Infections caused by Acb are of great concern worldwide. This is the first report documenting factors influencing survival in patients with MDR Acb infection in this hospital. Although many studies across the world on Acb have been reported, most have involved populations with both monomicrobial and polymicrobial infections. In the present study, only patients with monomicrobial infection were selected.

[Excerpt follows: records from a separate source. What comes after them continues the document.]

Lemma ray_coord_continuous p : S p -> forall e, 0 < e ->
  exists U, hnbhs p U /\ forall q, S q -> U q -> Rabs (ray_coord q - ray_coord p) < e.
Proof.
  intros H e He. apply HS in H as [->|(y & -> & Hy)].
  - exists (fun q => q = None \/ exists w, q = Some w /\ 1 / e < Im w).
    split; [apply hnbhs_above, Rdiv_lt_0_compat; lra|].
    intros q _ [->|([u v] & -> & Hv)]; simpl in *.
    + rewrite Rminus_diag, Rabs_R0. assumption.
    + assert (Hv0 : 0 < v) by (assert (0 < 1 / e) by (apply Rdiv_lt_0_compat; lra); lra).
      replace (v / (1 + v) - 1) with (- (1 / (1 + v))) by (field; lra).
      rewrite Rabs_Ropp, Rabs_pos_eq by (apply Rlt_le, Rdiv_lt_0_compat; lra).
      apply (Rmult_lt_reg_r (1 + v)); [lra|]. unfold Rdiv in *.
      rewrite Rmult_assoc, Rinv_l by lra.
      assert (1 < e * v).
      { apply (Rmult_lt_reg_r (/ e)); [apply Rinv_0_lt_compat; lra|].
        replace (e * v * / e) with v by (field; lra). lra. }
      nra.
  - assert (Key : forall v, 0 <= v -> Rabs (v - y) < e ->
              Rabs (ray_coord (Some (x0, v)) - ray_coord (Some (x0, y))) < e).
    { intros v Hv Hvy. simpl.
      replace (v / (1 + v) - y / (1 + y)) with ((v - y) / ((1 + v) * (1 + y))) by (field; lra).
      unfold Rdiv. rewrite Rabs_mult, (Rabs_pos_eq (/ _)) by (apply Rlt_le, Rinv_0_lt_compat; nra).
      assert (/ ((1 + v) * (1 + y)) <= 1) by (rewrite <- Rinv_1; apply Rinv_le_contravar; nra).
      pose proof (Rabs_pos (v - y)). nra. }
    destruct (Rlt_le_dec 0 y) as [Hp|Hp].
    + exists (fun q => exists w, q = Some w /\ Cmod (w - (x0, y))%C < Rmin y e).
      split; [apply hnbhs_ball; [apply Rmin_glb_lt; lra|apply Rmin_l]|].
      intros q Hq (w & -> & Hw). apply HS in Hq as [|(v & Ew & Hv)]; [discriminate|].
      injection Ew as ->. apply Key; [assumption|]. rewrite Cmod_vertical in Hw.
      eapply Rlt_le_trans; [exact Hw|apply Rmin_r].
    + assert (y = 0) by lra. subst y.
      exists (fun q => q = Some (x0, 0) \/
        exists w, q = Some w /\ 0 < Im w /\ Cmod (w - (x0, (e / 2)%R))%C < e / 2).
      split; [apply hnbhs_horodisc; lra|].
      intros q Hq [->|(w & -> & Hw & Hc)].
      * rewrite Rminus_diag, Rabs_R0. assumption.
      * apply HS in Hq as [|(v & Ew & Hv)]; [discriminate|]. injection Ew as ->.
        rewrite Cmod_vertical in Hc. apply Key; [assumption|].
        apply Rabs_def2 in Hc. rewrite Rminus_0_r, Rabs_pos_eq by lra. lra.
Qed.
End Ray.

Acb is usually considered a healthcare-associated pathogen, and reports on the incidence of nosocomial Acb outbreaks has been increasing.4 Several investigators have found an association of MDR Acb with co-morbidities.5 The lethality rate due to Acb is high, ranging from 22% to 59%.6,7 In the present study, the 30-day mortality rate was 39.7%. The significant factors for MDR Acb infection were any surgical procedure, acute renal failure, more than two invasive procedures, parenteral nutrition, and inappropriate antimicrobial therapy. These findings are consistent with other reports, but this is the first prospective study in this hospital to provide detailed epidemiological characteristics and outcomes of patients with Acb infections.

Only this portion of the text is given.